Ok, I modified the server loop to yours. It works fine now. However, when I try to mix unreliable and reliable together, I get a lot of packet drops
client // this is fine
send reliable
send unreliable
client // this drops packets massively
send unreliable
send reliable
I guess the moral is not to mix the channel with unreliable/unreliable
Sorry, I spoke too soon, I forgot I enabled the 120 fps cap. When I remove that to flood enet, the result is the same, the delay keeps increasing.
My bad, I modified the server side only, I did not modify the client side. When I changed both, it works well.
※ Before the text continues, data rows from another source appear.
(* For every smooth Jordan curve $\Gamma\subset \mathbb{R}^2$ there exists $\nu>0$ with the following property. If $A\subset\Gamma$ is a finite $\nu$-dense set in $\Gamma$ and $\varphi\colon A\to X$ is a $\lambda$-Lipschitz map to a geodesic metric space $X$, then the piecewise geodesic extension $\bar{\varphi}\colon \Gamma\to X$ of $\varphi$ is $3\lambda$-Lipschitz.
   Context: $\Gamma$ and $A$ carry the Euclidean metric of $\mathbb{R}^2$. A subset $A\subset B$ is $\nu$-dense in $B$ if every point of $B$ is within distance $\nu$ of a point of $A$. The piecewise geodesic extension $\bar\varphi$ agrees with $\varphi$ on $A$, and on each arc of $\Gamma$ between two consecutive points $a,a'$ of $A$ it is a geodesic from $\varphi(a)$ to $\varphi(a')$ parametrized proportionally to the arc length of $\Gamma$. *)

From Stdlib Require Import Reals Lra List.
From Coquelicot Require Import Coquelicot.
Open Scope R_scope.

Definition pt := (R * R)%type.
Definition edist (p q : pt) : R :=
  sqrt ((fst p - fst q) ^ 2 + (snd p - snd q) ^ 2).

(* gamma : R -> R^2 is a smooth (C^infinity) Jordan curve of length L > 0,
   parametrized by arc length: L-periodic, injective on [0, L), unit speed. *)
Definition smooth_fun (f : R -> R) : Prop := forall n t, ex_derive_n f n t.

Definition smooth_jordan_arclength (gamma : R -> pt) (L : R) : Prop :=
  0 < L /\
  smooth_fun (fun t => fst (gamma t)) /\
  smooth_fun (fun t => snd (gamma t)) /\
  (forall t, gamma (t + L) = gamma t) /\
  (forall s t, 0 <= s < L -> 0 <= t < L -> gamma s = gamma t -> s = t) /\
  (forall t, (Derive (fun u => fst (gamma u)) t) ^ 2
           + (Derive (fun u => snd (gamma u)) t) ^ 2 = 1).

Definition on_curve (gamma : R -> pt) (p : pt) : Prop := exists t, gamma t = p.

Definition is_metric {X : Type} (d : X -> X -> R) : Prop :=
  (forall x y, 0 <= d x y) /\
  (forall x y, d x y = 0 <-> x = y) /\
  (forall x y, d x y = d y x) /\
  (forall x y z, d x z <= d x y + d y z).

Definition is_geodesic {X : Type} (d : X -> X -> R) (g : R -> X) (x y : X) : Prop :=
  g 0 = x /\ g 1 = y /\
  (forall s t, 0 <= s <= 1 -> 0 <= t <= 1 -> d (g s) (g t) = Rabs (s - t) * d x y).

Definition geodesic_space {X : Type} (d : X -> X -> R) : Prop :=
  forall x y, exists g : R -> X, is_geodesic d g x y.

Definition dense_in_curve (gamma : R -> pt) (A : list pt) (nu : R) : Prop :=
  forall p, on_curve gamma p -> exists a, In a A /\ edist p a <= nu.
So I notice there a spike every couple of seconds to 4ms, I updated the above project, by changing the memory log from ostringstream to a preallocated string. I've taken care not to do any memory allocation, now the round trip shows 0.2-0.5ms, but there is still an occasional spike to 2ms that happens every couple of seconds.
Received:4173 hello from client 4173 timeMs:0.515400
Received:4174 hello from client 4174 timeMs:0.267300
Received:4175 hello from client 4175 timeMs:2.113100
Received:4176 hello from client 4176 timeMs:2.111500
Received:4177 hello from client 4177 timeMs:1.881300
Received:4178 hello from client 4178 timeMs:2.138200
Received:4179 hello from client 4179 timeMs:2.134900
Received:4180 hello from client 4180 timeMs:0.300400
Received:4181 hello from client 4181 timeMs:0.529300
Edit: simpler sample which has same problem https://filedn.com/l3TGy7Y83c247u0RDYa9fkp/temp/code/TestEnetLoopPacketLoss.zip
Also keep in mind that OS MTU won't typically be more than 1500 bytes, this is the largest Ethernet allows. If you send anything bigger than this the OS will split it into multiple smaller packets. Being just 1 byte off can double the time for the 1501 byte packet. The same will also be the case for your routers, proxies, as nodes within a VPN. Higher MTU means more memory foot print for queues and that's where any point in the route can start dropping packets when they get busy. Higher MTU doesn't mean higher performance on busy networks. And though IPv6 allows jumbo packets this can come with a serious setback that every point within a route must support jumbo packets as well. IPv4 allows a do-not-fragment flag (not all nodes support it), but that didn't carry over to IPv6. And assuming IPv6 will always allow bigger is like assuming every Mustang is manufactured with a V8. It might have been designed from the start for greater performance, but there's still economy options available.